There's an old joke amongst lawyers about the "perfect defense argument". It's a series of "in the alternative" responses that seeks to derail the plaintiff's case (usually styled as something simple like "your client broke my vase") at every turn. "You don't have a vase. If you have a vase, my client has never seen it. If he saw it, he never touched it. If he touched it, it did not fall...." and so on. The last line in the litany is that if, after all that, the man can indisputably have been shown to have broken the vase ... well, "he was insane."

It's a joke because, of course, such a strategy is not "perfect", it reeks of desperation and wouldn't be received well by any jury at all. It also smacks of how some folks are responding to Yesh Din statistics showing that a mere 7.4%  of cases of Jewish civilians committing crimes against Palestinians are cleared (which came up in the discussion over my post on the recent "price tag" murder of a Palestinian child). Here is an edited version of the fusillade of responses I've gotten to that figure on Twitter:

  • Where did that figure comes from? [Answer: Yesh Din]
  • How was it calculated? [Out of 996 complaints with investigation files opened and processed, only 7.4% resulted in any charges being filed.]
  • "Charges filed"? Why that metric? [That's basically what's known as the "clearance rate": the ratio of complaints made to arrests and charges made.]
  • Who's to say 7.4% is low? Maybe in the US it's even lower. There are plenty of cases where a crime report is filed and nobody is caught. [True, but 7.4% is still really low. The American clearance rates, by comparison, are 47% for violent crimes and 18% for property crimes] 
  • What happens if charges are dropped? Maybe the police are investigating the claims but the prosecutors are electing not to file?  [A case where charges are filed and later dropped still counts as "cleared". Since it's a measure of police efficacy, not prosecutorial talent, it stops measuring once the case is out of the police's hands.]

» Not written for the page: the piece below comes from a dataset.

(* Let $\rho\in\mathbb R$, let $\kappa_{\mathbf a}:\mathbb H_\rho\times\mathbb H_\rho\to\mathbb C$ be a positive semi-definite Dirichlet series kernel with coefficient matrix $\mathbf a=(a_{m,n})$ and associated reproducing kernel Hilbert space $\mathscr H_{\mathbf a}$. Let $f(s)=\sum_{n\ge1}\hat f(n)n^{-s}$ be a Dirichlet series convergent at every $s\in\mathbb H_\rho$. Then $f\in\mathscr H_{\mathbf a}$ if and only if there exists a real number $c\ge0$ such that the matrix $\big(c^2a_{m,n}-\hat f(m)\overline{\hat f(n)}\big)_{m,n=1}^\infty$ is formally positive semi-definite.
   Context: $\mathbb H_\rho=\{\Re s>\rho\}$. $\kappa_{\mathbf a}(s,u)=\sum_{m,n\ge1}a_{m,n}m^{-s}n^{-\bar u}$ is a Dirichlet series kernel on $\mathbb H_\rho$ if $(s,u)\mapsto\kappa_{\mathbf a}(s,\bar u)$ is regularly convergent on $\mathbb H_\rho\times\mathbb H_\rho$ (the double series converges at each point and every row and column series converges there). $\mathscr H_{\mathbf a}$ is the Hilbert space of functions on $\mathbb H_\rho$ with $\kappa_{\mathbf a}(\cdot,t)\in\mathscr H_{\mathbf a}$ and $\langle f,\kappa_{\mathbf a}(\cdot,t)\rangle=f(t)$. An infinite matrix is formally positive semi-definite if all its finite principal sections $(x_{m,n})_{m,n\in F}$, $F\subset\mathbb N$ finite, are positive semi-definite. *)

From Stdlib Require Import Reals List.
From Coquelicot Require Import Coquelicot.
Open Scope R_scope.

  • It includes dropped charges? Then those numbers are squishy; the police could goose the numbers just by arresting and charging random strangers! [There's no evidence that happens over a large scale. This is a very widely used metric of police efficiency.]

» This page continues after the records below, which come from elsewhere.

(* Let $\mathbb{K}$ be a field, $A\in\mathbb{K}[x]^{m\times n}$, and $J=\{j_1<\dots<j_k\}\subseteq\{1,\dots,n\}$. Let $\phi_J:\{1,\dots,k\}\to\{1,\dots,n\}$ be given by $\phi_J(i)=j_i$, applied entrywise to tuples, and let $A_{*,J}$ be the submatrix of $A$ formed by the columns with indices in $J$. Then, viewing pivot supports as sets, $\rho(A)\cap J\subseteq\phi_J(\rho(A_{*,J}))$, and equality holds whenever $\rho(A)\subseteq J$.
   Context: For a row vector $p=[p_1,\dots,p_n]$, $\deg(p)=\max_j\deg(p_j)$; the pivot index of a nonzero $p$ is the largest $j$ with $\deg(p_j)=\deg(p)$, and $p_j$ is its pivot entry. A matrix $P\in\mathbb{K}[x]^{k\times n}$ is in Popov form if it has no zero row, the pivot indices of its rows are strictly increasing, its pivot entries are monic, and in each column containing a pivot entry all other entries have degree strictly less than that pivot entry. The Popov form of a matrix $M$ of rank $r$ is the unique matrix in $\mathbb{K}[x]^{r\times n}$ in Popov form whose rows generate the same $\mathbb{K}[x]$-module as the rows of $M$. The pivot support $\rho(M)$ of $M$ is the tuple of pivot indices of the rows of its Popov form (the empty tuple if $M$ has rank $0$). *)

From HB Require Import structures.
From mathcomp Require Import all_boot all_order all_algebra.
From mathcomp Require Import fraction.
From Stdlib Require Import ClassicalEpsilon.
Set Implicit Arguments. Unset Strict Implicit. Unset Printing Implicit Defensive.
Import Order.TTheory GRing.Theory Num.Theory.
Local Open Scope ring_scope.

Section PopovDefs.
Variable K : fieldType.

(* Degrees are encoded through [size] (size p = deg p + 1, size 0 = 0,
   i.e. deg 0 = -oo), so comparisons of degrees are comparisons of sizes. *)

Definition rsize n (v : 'rV[{poly K}]_n) : nat := (\max_(j < n) size (v ord0 j))%N.

Definition is_pivot_index n (v : 'rV[{poly K}]_n) (j : 'I_n) : bool :=
  (size (v ord0 j) == rsize v) &&
  [forall j' : 'I_n, (j < j')%N ==> (size (v ord0 j') < rsize v)%N].

Definition pivot_index n (v : 'rV[{poly K}]_n) : option 'I_n :=
  [pick j | is_pivot_index v j].

Definition popov k n (P : 'M[{poly K}]_(k, n)) : Prop :=
  exists pv : 'I_k -> 'I_n,
  [/\ forall i, row i P != 0,
      forall i, is_pivot_index (row i P) (pv i),
      forall i i' : 'I_k, (i < i')%N -> (pv i < pv i')%N,
      forall i, P i (pv i) \is monic
    & forall i i' : 'I_k, i' != i -> (size (P i' (pv i)) < size (P i (pv i)))%N].

Definition in_rowmod m n (M : 'M[{poly K}]_(m, n)) (v : 'rV[{poly K}]_n) : Prop :=
  exists c : 'rV[{poly K}]_m, v = c *m M.

Definition prank m n (M : 'M[{poly K}]_(m, n)) : nat :=
  \rank (map_mx (@tofrac _) M).

Definition popov_form_of m n (M : 'M[{poly K}]_(m, n)) r (P : 'M[{poly K}]_(r, n)) : Prop :=
  [/\ r = prank M, popov P
    & forall v, in_rowmod M v <-> in_rowmod P v].

Definition pivots k n (P : 'M[{poly K}]_(k, n)) : seq 'I_n :=
  pmap (fun i => pivot_index (row i P)) (enum 'I_k).

(* pivot support rho(M): pivot indices of the rows of the Popov form of M
   (the Popov form exists and is unique; the fallback branch is never used) *)
Definition pivot_support m n (M : 'M[{poly K}]_(m, n)) : seq 'I_n :=
  match excluded_middle_informative
          (exists rP : {r : nat & 'M[{poly K}]_(r, n)},
              popov_form_of M (projT2 rP)) with
  | left H => pivots (projT2 (proj1_sig (constructive_indefinite_description _ H)))
  | right _ => [::]
  end.

(* phi_J : 'I_#|J| -> 'I_n, i |-> j_i, the i-th smallest element of J *)
Definition phiJ n (J : {set 'I_n}) (i : 'I_#|J|) : 'I_n := enum_val i.

Definition colsJ m n (A : 'M[{poly K}]_(m, n)) (J : {set 'I_n}) : 'M[{poly K}]_(m, #|J|) :=
  colsub (@phiJ n J) A.

End PopovDefs.

From HB Require Import structures.
From mathcomp Require Import all_boot all_order all_algebra.
From mathcomp Require Import fraction generic_quotient zify.
From Stdlib Require Import ClassicalEpsilon Classical.
Set Implicit Arguments. Unset Strict Implicit. Unset Printing Implicit Defensive.
Import Order.TTheory GRing.Theory Num.Theory.
Local Open Scope ring_scope.
Local Open Scope quotient_scope.

(* Say that j is attained by M when the row module of M contains a nonzero
   vector with pivot index j; then rho(M) is exactly the set of attained
   indices. Rows of a Popov form P of M are such vectors, and conversely the
   predictable-pivot property of P says that the pivot of c P (c <> 0) is the
   pivot of the row P_i maximizing deg c_i + deg P_i, ties being broken by the
   pivot index. This needs Popov forms to exist: for each attained j, a monic
   vector with pivot j of least pivot degree, whose other attained entries are
   reduced below the corresponding least degrees, gives one row; the rows
   generate the module by descent on (degree, pivot index) and are
   independent over K(x) by the predictable-pivot property.
   Since phi_J is increasing, restricting a vector to the columns J keeps a
   pivot lying in J, and the row module of A_{*,J} is the restriction of that
   of A; this gives the inclusion. If rho(A) is contained in J, every nonzero
   vector of the module of A has its pivot in J, which gives equality. *)

Lemma ex_minimal_nat (P : nat -> Prop) :
  (exists n, P n) -> exists n, P n /\ forall k, P k -> (n <= k)%N.
Proof.
move=> [n Pn]; apply: NNPP => no_min.
elim/ltn_ind: n Pn => n IH Pn; apply: no_min; exists n; split => // k Pk.
by rewrite leqNgt; apply/negP => /IH; apply.
Qed.

Lemma lex_arg_max (I : finType) (C : pred I) (E G : I -> nat) i0 : C i0 ->
  exists2 i, C i & forall i', C i' -> (E i' < E i)%N \/ (E i' = E i /\ (G i' <= G i)%N).
Proof.
move=> Ci0; have [i1 Ci1 E_i1] := arg_maxnP E Ci0.
have Ci1E : C i1 && (E i1 == E i1) by rewrite Ci1 eqxx.
have [i /andP[Ci /eqP E_i] G_i] := @arg_maxnP _ i1 (fun i => C i && (E i == E i1)) G Ci1E.
exists i => // i' Ci'; rewrite E_i.
have [lt_E | ge_E] := ltnP (E i') (E i1); first by left.
have eq_E : E i' = E i1 by apply/eqP; rewrite eqn_leq ge_E andbT; exact: E_i1.
by right; split => //; apply: G_i; rewrite Ci' eq_E eqxx.
Qed.

Lemma enum_val_ltn n (A : {set 'I_n}) (i i' : 'I_#|A|) :
  (i < i')%N -> (enum_val i < enum_val i')%N.
Proof.
move=> lt_ii'; pose ltI := fun x y : 'I_n => (x < y)%N.
have ltI_trans : transitive ltI by move=> ? ? ?; apply: ltn_trans.
have A_sorted : sorted ltI (enum A).
  rewrite /enum_mem -enumT; apply: sorted_filter => //.
  by have := iota_ltn_sorted 0 n; rewrite -val_enum_ord sorted_map.
have lt_size k : (k < #|A|)%N -> (k < size (enum A))%N by rewrite cardE.
rewrite /enum_val (set_nth_default (enum_default i') _ (lt_size _ (ltn_ord i))).
exact: (sorted_ltn_nth ltI_trans) (lt_size _ (ltn_ord i)) (lt_size _ (ltn_ord i')) lt_ii'.
Qed.

Lemma tofrac_numden (R : idomainType) (x : {fraction R}) :
  exists a b : R, b != 0 /\ x * tofrac b = tofrac a.
Proof.
elim/quotW: x => r; exists r.1, r.2; split; first exact: denom_ratioP.
have tofracE (a : R) : tofrac a = \pi_({fraction R}) (Ratio a 1) by rewrite /tofrac; unlock.
rewrite !tofracE -[_ * _]/(FracField.mul _ _) -FracField.pi_mul.
apply/eqmodP; rewrite /= FracField.equivfE /FracField.mulf.
rewrite !numden_Ratio ?oner_neq0 ?mulf_neq0 ?denom_ratioP ?oner_neq0 //.
by rewrite !mulr1 mulrC.
Qed.

Lemma row_clear_denominators (R : idomainType) k (u : 'rV[{fraction R}]_k) :
  exists (d : R) (c : 'rV[R]_k), d != 0 /\ map_mx (@tofrac R) c = tofrac d *: u.
Proof.
have /all_sig[ab abP] : forall i : 'I_k,
    {ab : R * R | ab.2 != 0 /\ u ord0 i * tofrac ab.2 = tofrac ab.1}.
  move=> i; apply: constructive_indefinite_description.
  by have [a [b abE]] := tofrac_numden (u ord0 i); exists (a, b).
exists (\prod_i (ab i).2), (\row_i ((ab i).1 * \prod_(l | l != i) (ab l).2)); split.
  by apply/prodf_neq0 => i _; case: (abP i).
apply/rowP => i; rewrite !mxE [\prod_l _](bigD1 i) //= !tofracM.
by case: (abP i) => _ <-; rewrite [RHS]mulrC mulrA.
Qed.

Section Pivots.
Variable K : fieldType.
Local Notation poly := {poly K}.

Lemma size_le_rsize n (v : 'rV[poly]_n) j : (size (v ord0 j) <= rsize v)%N.
Proof. exact: (leq_bigmax (F := fun j => size (v ord0 j))). Qed.

Lemma rsize_le n (v : 'rV[poly]_n) N :
  (forall j, size (v ord0 j) <= N)%N -> (rsize v <= N)%N.
Proof. by move=> H; apply/bigmax_leqP => j _; exact: H. Qed.

Lemma rsize_eq0 n (v : 'rV[poly]_n) : (rsize v == 0%N) = (v == 0).
Proof.
apply/idP/eqP => [/eqP v0 | ->].
  apply/rowP => j; rewrite mxE; apply/eqP.
  by rewrite -size_poly_eq0 -leqn0 -[X in (_ <= X)%N]v0 (leq_trans (size_le_rsize v j)).
by rewrite -leqn0; apply: rsize_le => j; rewrite mxE size_poly0.
Qed.

Lemma is_pivotP n (v : 'rV[poly]_n) j : is_pivot_index v j ->
  size (v ord0 j) = rsize v /\
  forall j' : 'I_n, (j < j')%N -> (size (v ord0 j') < rsize v)%N.
Proof.
by case/andP => /eqP vjE /forallP vj_lt; split => // j' lt_jj'; exact: (implyP (vj_lt j')).
Qed.

Lemma is_pivot_intro n (v : 'rV[poly]_n) j d :
  size (v ord0 j) = d -> (forall j', size (v ord0 j') <= d)%N ->
  (forall j' : 'I_n, (j < j')%N -> size (v ord0 j') < d)%N ->
  is_pivot_index v j /\ rsize v = d.
Proof.
move=> vj le_d lt_d.
have rsize_d : rsize v = d.
  by apply/eqP; rewrite eqn_leq rsize_le //= -vj size_le_rsize.
split=> //; apply/andP; split; first by rewrite vj rsize_d.
by apply/forallP => j'; apply/implyP => hj; rewrite rsize_d lt_d.
Qed.

Lemma is_pivot_uniq n (v : 'rV[poly]_n) j1 j2 :
  is_pivot_index v j1 -> is_pivot_index v j2 -> j1 = j2.
Proof.
move=> /is_pivotP[vj1E vj1_lt] /is_pivotP[vj2E vj2_lt].
apply/val_inj; case: (ltngtP j1 j2) => // [/vj1_lt | /vj2_lt].
  by rewrite vj2E ltnn.
by rewrite vj1E ltnn.
Qed.

Lemma pivot_indexE n (v : 'rV[poly]_n) j :
  is_pivot_index v j -> pivot_index v = Some j.
Proof.
move=> vj; rewrite /pivot_index; case: pickP => [j' vj'|v_no]; last by rewrite v_no in vj.
by rewrite (is_pivot_uniq vj' vj).
Qed.

Lemma is_pivot_exists n (v : 'rV[poly]_n) : v != 0 -> exists j, is_pivot_index v j.
Proof.
move=> v_neq0.
have n_gt0 : (0 < #|'I_n|)%N.
  by case: n v v_neq0 => [|n] v; [rewrite (thinmx0 v) eqxx | rewrite card_ord].
have [jm rsizeE] : {jm | rsize v = size (v ord0 jm)} by exact: bigop.eq_bigmax.
have top_jm : size (v ord0 jm) == rsize v by rewrite rsizeE.
have [j /eqP top_j j_max] := @arg_maxnP _ jm (fun j => size (v ord0 j) == rsize v) val top_jm.
exists j; apply: (proj1 (is_pivot_intro top_j _ _)) => [j'|j' lt_jj'].
  exact: size_le_rsize.
rewrite ltn_neqAle size_le_rsize andbT.
by apply: contraTN lt_jj' => /j_max; rewrite -leqNgt.
Qed.

Lemma monic_pivot_neq0 n (v : 'rV[poly]_n) j : v ord0 j \is monic -> v != 0.
Proof. by move=> /monic_neq0; apply: contraNneq => ->; rewrite mxE. Qed.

  • Bah! Your numbers are useless if they don't include convictions [Fine. The percentage of claims which result in a conviction is 3.3% (33/996). The conviction rate (how many charged cases lead to at least one conviction) is 58%]

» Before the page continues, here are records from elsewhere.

Lemma Hcol_proper (c : coloring G1) (d : coloring G2) (f : coloring HG) :
  proper_coloring c -> proper_coloring d -> Hcol c d f -> proper_coloring f.
Proof.
move=> Hc Hd [p [Hp Hf]] E F [u|u].
- apply: (proper_local (@Hfold1_incident u) (@Hfold1_inj u) (q := 1%g) _ Hc).
  by case=> [[e|e]|bb]; rewrite Hf perm1.
- apply: (proper_local (@Hfold2_incident u) (@Hfold2_inj u) (q := p) _ Hd).
  by case=> [[e|e]|bb]; rewrite Hf //= Hp.
Qed.

Definition Hleft : {set vert HG} := [set u | if u is inl _ then true else false].

Lemma card_Hleft : #|Hleft| = #|vert G1|.
Proof.
rewrite (_ : Hleft = inl @: setT); last first.
  by apply/setP => -[u|u]; rewrite !inE; [apply/esym/imsetP; exists u | apply/esym/imsetP => -[]].
by rewrite card_imset ?cardsT //; move=> u w [].
Qed.

Lemma card_Hcut (P : pred (edge HG)) :
  #|[set E | P E && crosses Hleft E]| = #|[set bb | P (inr bb)]|.
Proof.
rewrite -[RHS](card_imset _ (inr_inj : injective (inr : bool -> edge HG))).
apply: eq_card => E; rewrite !inE.
case: E => [[e|e]|bb].
- by rewrite /crosses !inE andbF; apply/esym/imsetP => -[].
- by rewrite /crosses !inE andbF; apply/esym/imsetP => -[].
- have -> : crosses Hleft (inr bb) = true by case: bb; rewrite /crosses !inE.
  rewrite andbT; apply/idP/imsetP => [HP|[i]]; first by exists bb; rewrite ?inE.
  by rewrite inE => Hi [->].
Qed.

Section ProperCut.
Variables (c : coloring G1) (f : coloring HG).
Hypotheses (c_proper : proper_coloring c) (f_proper : proper_coloring f).

(* [G1] has an even number of vertices, so both cut edges get the same color. *)
Lemma Hcut_same : f (inr true) = f (inr false).
Proof.
set k := f (inr false); apply/eqP; apply: contraT => Hne.
have := cubic_odd_cut cubicH k Hleft f_proper.
rewrite card_Hcut card_Hleft (negbTE (cubic_even_order cubicG1 c_proper)).
suff -> : [set bb | f (inr bb) == k] = [set false] by rewrite cards1.
by apply/setP => -[]; rewrite !inE ?(negbTE Hne) ?eqxx.
Qed.

(* The (a,b)-chain entering [G1] through one cut edge must leave through the other. *)
Lemma Hcut_kconnect a b : a != b -> f (inr false) \in [:: a; b] ->
  connect (kadj f a b) (inl s11) (inl s12).
Proof.
move=> Hab Hk; set k := f (inr false) in Hk; set k' := if k == a then b else a.
have Hk' : k' \in [:: a; b] by rewrite /k'; case: (k == a); rewrite !inE eqxx ?orbT.
have Hkk' : k != k'.
  rewrite /k'; case: (k =P a) => [->//|Hka].
  by move: Hk; rewrite !inE => /orP[/eqP/Hka|/eqP->] //; rewrite eq_sym.
set P := fun kk (E : edge HG) => (f E == kk) && connect (kadj f a b) (inl s11) (ends E).1.
have Hodd kk : kk \in [:: a; b] -> odd #|[set bb | P kk (inr bb)]| =
    odd #|[set u in Hleft | connect (kadj f a b) (inl s11) u]|.
  by move=> Hkk; rewrite -(card_Hcut (P kk)) (odd_kchain_cut cubicH _ _ f_proper Hkk).
have := Hodd k' Hk'; rewrite -(Hodd k Hk).
have -> : [set bb | P k' (inr bb)] = set0.
  by apply/setP => -[]; rewrite !inE /P ?Hcut_same -/k (negbTE Hkk').
rewrite cards0 => /esym; apply: contraFT => Hnot.
suff -> : [set bb | P k (inr bb)] = [set false] by rewrite cards1.
by apply/setP => -[]; rewrite !inE /P ?Hcut_same -/k eqxx ?connect0 //= (negbTE Hnot).
Qed.
End ProperCut.

(* [x] is represented by the cut edge s11 s21; sending [G2] to [s12] collapses
   the other cut edge. *)
Definition Hemb1 (e : edge G1) : edge HG := if insub e is Some e' then inl (inl e') else inr false.
Definition Hemb2 (e : edge G2) : edge HG := if insub e is Some e' then inl (inr e') else inr false.
Definition Hproj1 (u : vert HG) : vert G1 := if u is inl w then w else s12.
Definition Hproj2 (u : vert HG) : vert G2 := if u is inr w then w else s22.

Lemma Hemb1_out e (He : e != x) : Hemb1 e = inl (inl (exist _ e He)).
Proof. by rewrite /Hemb1 insubT. Qed.

Lemma Hemb2_out e (He : e != y) : Hemb2 e = inl (inr (exist _ e He)).
Proof. by rewrite /Hemb2 insubT. Qed.

Lemma Hemb1_x : Hemb1 x = inr false.
Proof. by rewrite /Hemb1 insubF ?eqxx. Qed.

Lemma Hemb2_y : Hemb2 y = inr false.
Proof. by rewrite /Hemb2 insubF ?eqxx. Qed.

Lemma Hemb1_ends e :
  (Hproj1 (ends (Hemb1 e)).1 = (ends e).1 /\ Hproj1 (ends (Hemb1 e)).2 = (ends e).2) \/
  (Hproj1 (ends (Hemb1 e)).1 = (ends e).2 /\ Hproj1 (ends (Hemb1 e)).2 = (ends e).1).
Proof.
case: (e =P x) => [->|/eqP He]; last by rewrite (Hemb1_out He); left.
by rewrite Hemb1_x; case: x_ends => ->; [left|right].
Qed.

Lemma Hemb2_ends e :
  (Hproj2 (ends (Hemb2 e)).1 = (ends e).1 /\ Hproj2 (ends (Hemb2 e)).2 = (ends e).2) \/
  (Hproj2 (ends (Hemb2 e)).1 = (ends e).2 /\ Hproj2 (ends (Hemb2 e)).2 = (ends e).1).
Proof.
case: (e =P y) => [->|/eqP He]; last by rewrite (Hemb2_out He); left.
by rewrite Hemb2_y; case: y_ends => ->; [right|left].
Qed.

Lemma Hproj1_collapse E : Hproj1 (ends E).1 = Hproj1 (ends E).2 \/ exists e, Hemb1 e = E.
Proof.
case: E => [[[e He]|e]|[]]; [right; exists e; rewrite Hemb1_out | left | left | right; exists x];
  by rewrite ?Hemb1_x.
Qed.

Lemma Hproj2_collapse E : Hproj2 (ends E).1 = Hproj2 (ends E).2 \/ exists e, Hemb2 e = E.
Proof.
case: E => [[e|[e He]]|[]]; [left | right; exists e; rewrite Hemb2_out | left | right; exists y];
  by rewrite ?Hemb2_y.
Qed.

Lemma restrict_Hcol1 c d f : Hcol c d f -> restrict Hemb1 f = c.
Proof.
case=> p [Hp Hf]; apply/ffunP => e; rewrite ffunE.
by case: (e =P x) => [->|/eqP He]; rewrite ?Hemb1_x ?(Hemb1_out He) Hf.
Qed.

Lemma restrict_Hcol2 c d f : Hcol c d f -> exists p, restrict Hemb2 f = recolor p d.
Proof.
case=> p [Hp Hf]; exists p; apply/ffunP => e; rewrite !ffunE.
by case: (e =P y) => [->|/eqP He]; rewrite ?Hemb2_y ?(Hemb2_out He) Hf ?Hp.
Qed.

Lemma kchain_lift_H1 (c : coloring G1) (f : coloring HG) a b :
  proper_coloring c -> proper_coloring f -> a != b -> kchain_lift Hemb1 f a b inl.
Proof.
move=> Hc Hf Hab e; case: (e =P x) => [->|/eqP He].
  rewrite Hemb1_x => /(Hcut_kconnect Hc Hf Hab) Hconn.
  by rewrite kconnect_sym in Hconn; case: x_ends => -> /=; rewrite connect0.
rewrite (Hemb1_out He) => Hc_e; split; first exact: connect0.
exact: (kconnect_ends (e := inl (inl (exist _ e He)) : edge HG)).
Qed.

Lemma kchain_lift_H2 (c : coloring G1) (f : coloring HG) a b :
  proper_coloring c -> proper_coloring f -> a != b -> kchain_lift Hemb2 f a b inr.
Proof.
move=> Hc Hf Hab e; case: (e =P y) => [->|/eqP He].
  rewrite Hemb2_y => Hk.
  have H21 : connect (kadj f a b) (inr s21) (inl s11).
    exact: (kconnect_ends (e := inr false : edge HG)).
  have H22 : connect (kadj f a b) (inr s22) (inl s11).
    have Hk' : f (inr true) \in [:: a; b] by rewrite (Hcut_same Hc Hf).
    apply: connect_trans (kconnect_ends (e := inr true : edge HG) Hk') _.
    by rewrite kconnect_sym; apply: (Hcut_kconnect Hc Hf Hab).
  by case: y_ends => -> /=.
rewrite (Hemb2_out He) => Hc_e; split; first exact: connect0.
exact: (kconnect_ends (e := inl (inr (exist _ e He)) : edge HG)).
Qed.

Lemma Hcol_kequiv (c1 c2 : coloring G1) (d1 d2 : coloring G2) (f1 f2 : coloring HG) :
  proper_coloring c1 -> proper_coloring d1 ->
  Hcol c1 d1 f1 -> Hcol c2 d2 f2 -> kequiv f1 f2 -> kequiv c1 c2 /\ kequiv d1 d2.
Proof.
move=> Hc1 Hd1 Hf1 Hf2 Hk; have Hp1 := Hcol_proper Hc1 Hd1 Hf1.
split.
  rewrite -(restrict_Hcol1 Hf1) -(restrict_Hcol1 Hf2).
  apply: (restrict_kequiv Hemb1_ends Hproj1_collapse) Hp1 Hk => f a b Hf Hab.
  by exists inl; apply: kchain_lift_H1 Hc1 Hf Hab.
have [[p1 Hp1d] [p2 Hp2d]] := (restrict_Hcol2 Hf1, restrict_Hcol2 Hf2).
have : kequiv (recolor p1 d1) (recolor p2 d2).
  rewrite -Hp1d -Hp2d; apply: (restrict_kequiv Hemb2_ends Hproj2_collapse) Hp1 Hk.
  by move=> f a b Hf Hab; exists inr; apply: kchain_lift_H2 Hc1 Hf Hab.
move/(kequiv_trans (kequiv_recolor d1 p1))/kequiv_trans; apply.
exact/kequiv_sym/kequiv_recolor.
Qed.
End CompositionH.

  • Who's to say 3.3% is low? Maybe in the US it's even lower! [This again? Highly unlikely. Even if we assumed every crime was a property crime, the conviction rate would have to be an appalling 18% for the ratio of complaints to convictions to catch up.]
  • Maybe the US conviction rate is that low? [It's not. It's 66%.]
  • Well, maybe the police aren't charging people because it turns out the complaints are unfounded? [Overwhelmingly, the files are closed because the investigation fails -- no suspect or insufficient evidence to bring a case -- not because the claim is deemed unfounded.]
  • Maybe they're not finding enough evidence because no crime occurred! [Perhaps, sometimes. And perhaps sometimes the police gave it their all and just couldn't catch the perpetrator. That's why we use aggregate statistics and used the U.S. as a baseline comparison. Neither explanation is likely to account for 93% of cases.]
  • Bah again! I bet almost all claims of "price tag" attacks are lies. Ever heard of Pallywood? [I have. Again, if you think it accounts for 93% of cases, you're delusional.]
  • Also, these statistics come from Yesh Din, and they're one of those EU-funded Israeli groups that can't be trusted. [Then by all means provide contrary data from a source you like better. I'm happy to look at it.]
  • [Needless to say, actually providing contrary data, or countervailing evidence of any sort, has been met with utter silence].
You'll note that all of these responses are attempts to pot-shot at the data. They don't provide any positive evidence -- empirical or otherwise -- demonstrating that Israel does a good job investigating "price tag" attacks on a systematic level. This is the behavior of people who are guarding a belief that they desperately want to be true, and will cling to it through hell or high water. I don't want to believe that Israel systematically fails to investigate price tag attacks. I prefer it when Israel does a good job, and I'm unhappy when it does a bad job. But the fact of the matter is that they've been a colossal failure in this arena; and it's not an unimportant arena.